BEGIN DATA FOR ANALYSIS

(* Let $\mathcal Q$ be a finite set of queries, where query $i$ has a size $s_i=\frac{|\mathcal S_i|\cdot\chi_i}{\mathbf p_i}>0$ and a positive weight $\mathbf w_i$. Let $c_2\ge 1$ and $c_3>1$ be constants and put $d=\frac{0.69}{c_2 c_3}$. Let $A_{[1]}=\{i^*\}$ where $i^*$ maximizes $\mathbf w_i$ over all queries $i$ with $s_i\le 1$ (and $A_{[1]}=\emptyset$ if there is none); let $A_{[2]}$ be an optimal solution of the 0-1 knapsack problem $\mathrm{KS}(d)$; and let $A$ be whichever of $A_{[1]},A_{[2]}$ has larger total weight. Let $OPT_{\mathrm{KS}(1)}$ be an optimal solution of $\mathrm{KS}(1)$. Then $$\frac{d}{2}\cdot\mathbf w\big(OPT_{\mathrm{KS}(1)}\big)\le \mathbf w(A).$$
   Context: For a query $i$, $\mathcal S_i$ is its set of source nodes, $\chi_i>0$ is the time to transmit one of its data units over a link, and $\mathbf p_i>0$ is its period. For a set $B$ of queries, $\mathbf w(B)=\sum_{i\in B}\mathbf w_i$. The 0-1 knapsack problem with bag size $C$, denoted $\mathrm{KS}(C)$, treats each query $i$ as an item of size $s_i$ and weight $\mathbf w_i$, and asks for a subset of items of total size at most $C$ maximizing the total weight. In the paper, $c_2$ is the chromatic number of a coloring of interference-aware grid regions and $c_3$ is the maximum size of a connected dominating set inside an interference-aware region plus one, but only the stated numerical properties are used in the statement. *)

From mathcomp Require Import all_boot all_order all_algebra.
Set Implicit Arguments. Unset Strict Implicit. Unset Printing Implicit Defensive.
Import Order.TTheory GRing.Theory Num.Theory.
Local Open Scope ring_scope.

Definition qsize (R : realFieldType) (Q V : finType)
  (S : Q -> {set V}) (chi p : Q -> R) (i : Q) : R :=
  (#|S i|%:R * chi i) / p i.

Definition wsum (R : realFieldType) (Q : finType) (w : Q -> R) (B : {set Q}) : R :=
  \sum_(i in B) w i.

Definition ks_feasible (R : realFieldType) (Q : finType) (s : Q -> R)
  (C : R) (B : {set Q}) : Prop :=
  \sum_(i in B) s i <= C.

Definition ks_optimal (R : realFieldType) (Q : finType) (s w : Q -> R)
  (C : R) (B : {set Q}) : Prop :=
  ks_feasible s C B /\ forall B', ks_feasible s C B' -> wsum w B' <= wsum w B.

Definition is_A1 (R : realFieldType) (Q : finType) (s w : Q -> R)
  (A1 : {set Q}) : Prop :=
  ((exists i, s i <= 1) ->
     exists istar, [/\ s istar <= 1,
                      (forall j, s j <= 1 -> w j <= w istar) &
                      A1 = [set istar]]) /\
  (~ (exists i, s i <= 1) -> A1 = set0).

(* Greedily take queries in decreasing order of density w/s until the next one
   would overflow the bag of size d.  The taken queries fit into KS(d), so they
   weigh at most w(A_[2]); the first rejected query has size at most 1, so it
   weighs at most w(A_[1]).  Since the greedy prefix is at least as dense as the
   whole of a solution B of KS(1), the two together weigh at least d w(B); hence
   d w(OPT_KS(1)) <= w(A_[1]) + w(A_[2]) <= 2 w(A). *)
From mathcomp Require Import all_boot all_order all_algebra.
From mathcomp Require Import lra.
Set Implicit Arguments. Unset Strict Implicit. Unset Printing Implicit Defensive.
Import Order.TTheory GRing.Theory Num.Theory.
Local Open Scope ring_scope.

Lemma mediant_le (R : realFieldType) (a b a' b' t x : R) :
  0 <= t -> 0 <= b -> 0 < b' ->
  a * b' <= a' * b -> t * a' <= b' * x -> t * (a + a') <= (b + b') * x.
Proof.
move=> t_ge0 b_ge0 b'_gt0 dens ha'.
have ha : t * a <= b * x.
  rewrite -(ler_pM2r b'_gt0).
  have step1 : t * a * b' <= t * a' * b by rewrite -!mulrA; exact: ler_wpM2l.
  have step2 : t * a' * b <= b' * x * b by exact: ler_wpM2r.
  have -> : b * x * b' = b' * x * b by rewrite -mulrA mulrC (mulrC x).
  exact: le_trans step1 step2.
by rewrite mulrDr mulrDl lerD.
Qed.

Section WeightedSums.
Variables (R : realFieldType) (Q : finType).

Lemma wsum_ge0 (f : Q -> R) (B : {set Q}) :
  (forall i, 0 <= f i) -> 0 <= wsum f B.
Proof. by move=> f_ge0; apply: sumr_ge0 => i _. Qed.

Lemma wsum_setD1 (f : Q -> R) (B : {set Q}) (x : Q) :
  x \in B -> wsum f B = f x + wsum f (B :\ x).
Proof. exact: big_setD1. Qed.

Lemma le_wsum_mem (f : Q -> R) (B : {set Q}) (x : Q) :
  (forall i, 0 <= f i) -> x \in B -> f x <= wsum f B.
Proof.
by move=> f_ge0 xB; rewrite (wsum_setD1 f xB) lerDl wsum_ge0.
Qed.

End WeightedSums.

Section Greedy.
Variables (R : realFieldType) (Q : finType) (s w : Q -> R).
Hypotheses (s_gt0 : forall i, 0 < s i) (w_ge0 : forall i, 0 <= w i).

Lemma exists_min_density (B : {set Q}) (x0 : Q) : x0 \in B ->
  exists2 m, m \in B & forall i, i \in B -> w m * s i <= w i * s m.
Proof.
move=> x0B.
have [m mB m_min] := @arg_minP _ R Q x0 (mem B) (fun i => w i / s i) x0B.
exists m => // i iB; have := m_min i iB.
by rewrite ler_pdivrMr // mulrAC ler_pdivlMr.
Qed.

Lemma min_density_wsum (B : {set Q}) (m : Q) :
  (forall i, i \in B -> w m * s i <= w i * s m) ->
  w m * wsum s (B :\ m) <= wsum w (B :\ m) * s m.
Proof.
move=> m_min; rewrite /wsum mulr_sumr mulr_suml.
by apply: ler_sum => i; rewrite in_setD1 => /andP[_ /m_min].
Qed.

Lemma greedy_prefix (t : R) (B : {set Q}) : 0 <= t ->
  exists P : {set Q}, [/\ P \subset B, wsum s P <= t &
    P = B \/ exists2 x, x \in B & t * wsum w B <= wsum s B * (wsum w P + w x)].
Proof.
move=> t_ge0; move: {2}#|B|.+1 (ltnSn #|B|) => n.
elim: n B => // n IH B cardB.
have [sB_le|sB_gt] := leP (wsum s B) t.
  by exists B; split; [exact: subxx | | left].
have [B0|[x0 x0B]] := set_0Vmem B.
  by move: sB_gt; rewrite B0 /wsum big_set0 ltNge t_ge0.
have [m mB m_min] := exists_min_density x0B.
have eS := wsum_setD1 s mB; have eW := wsum_setD1 w mB.
have [sBm_le|sBm_gt] := leP (wsum s (B :\ m)) t.
  exists (B :\ m); split => //; first exact: subsetDl.
  right; exists m => //.
  rewrite addrC -eW ler_wpM2r //; [exact: wsum_ge0 | exact: ltW].
have cardBm : (#|B :\ m| < n)%N by rewrite (cardsD1 m B) mB in cardB.
have [P [PBm sP [PE|[x xBm hx]]]] := IH _ cardBm.
  by move: sBm_gt; rewrite -PE ltNge sP.
exists P; split => //; first exact: subset_trans PBm (subsetDl _ _).
right; exists x; first by move: xBm; rewrite in_setD1 => /andP[].
rewrite eS eW; apply: mediant_le => //; first exact: ltW.
- exact: le_lt_trans sBm_gt.
- exact: min_density_wsum.
Qed.

Lemma is_A1_weight (A1 : {set Q}) (x : Q) :
  is_A1 s w A1 -> s x <= 1 -> w x <= wsum w A1.
Proof.
move=> [hA1 _] sx; have [istar [_ istar_max ->]] := hA1 (ex_intro _ x sx).
by rewrite /wsum big_set1 istar_max.
Qed.

Lemma ks_greedy_bound (d : R) (A1 A2 B : {set Q}) :
  0 <= d <= 1 -> is_A1 s w A1 -> ks_optimal s w d A2 -> ks_feasible s 1 B ->
  d * wsum w B <= wsum w A1 + wsum w A2.
Proof.
move=> /andP[d_ge0 d_le1] hA1 [_ A2_opt] sB.
have w_ge0S (C : {set Q}) : 0 <= wsum w C by exact: wsum_ge0.
have s_ge0 (i : Q) : 0 <= s i by exact: ltW.
have [P [_ sP greedy]] := greedy_prefix B d_ge0.
have wPA2 := A2_opt _ sP; have wP_ge0 := w_ge0S P.
case: greedy => [PE|[x xB hx]].
  by have := w_ge0S A1; rewrite -PE; nra.
have wxA1 : w x <= wsum w A1.
  by apply: is_A1_weight => //; apply: le_trans sB; exact: le_wsum_mem.
have sB_le1 : wsum s B <= 1 := sB.
have sB_ge0 : 0 <= wsum s B by exact: wsum_ge0.
have wx_ge0 := w_ge0 x.
by apply: le_trans hx _; nra.
Qed.

End Greedy.

Theorem lemma4 (R : realFieldType) (Q V : finType)
  (S : Q -> {set V}) (chi p w : Q -> R)
  (hchi : forall i, 0 < chi i) (hp : forall i, 0 < p i)
  (hs : forall i, 0 < qsize S chi p i) (hw : forall i, 0 < w i)
  (c2 c3 : R) (hc2 : 1 <= c2) (hc3 : 1 < c3)
  (A1 A2 OPT1 : {set Q}) :
  let s := qsize S chi p in
  let d := (69%:R / 100%:R) / (c2 * c3) in
  is_A1 s w A1 ->
  ks_optimal s w d A2 ->
  ks_optimal s w 1 OPT1 ->
  let A := if wsum w A2 <= wsum w A1 then A1 else A2 in
  d / 2%:R * wsum w OPT1 <= wsum w A.
Proof.
move=> s d hA1 hA2 [OPT1_feas _] /=; set A := (if _ then _ else _).
have c23_gt1 : 1 < c2 * c3 by nra.
have d_01 : 0 <= d <= 1.
  by rewrite /d divr_ge0 ?ler_pdivrMr //=; lra.
have bound := ks_greedy_bound hs (fun i => ltW (hw i)) d_01 hA1 hA2 OPT1_feas.
have A_ge_mean : wsum w A1 + wsum w A2 <= 2%:R * wsum w A.
  by rewrite /A; case: ifP => [|/negbT]; rewrite -?ltNge; lra.
by rewrite mulrAC ler_pdivrMr //; lra.
Qed.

END DATA FOR ANALYSIS

WHAT YOU WILL DO: Please copy the line that holds "by rewrite /A;" and each line under it through the last line above, exactly as they stand, adding nothing.

EXERCISE RESPONSE:
  by rewrite /A; case: ifP => [|/negbT]; rewrite -?ltNge; lra.
by rewrite mulrAC ler_pdivrMr //; lra.
Qed.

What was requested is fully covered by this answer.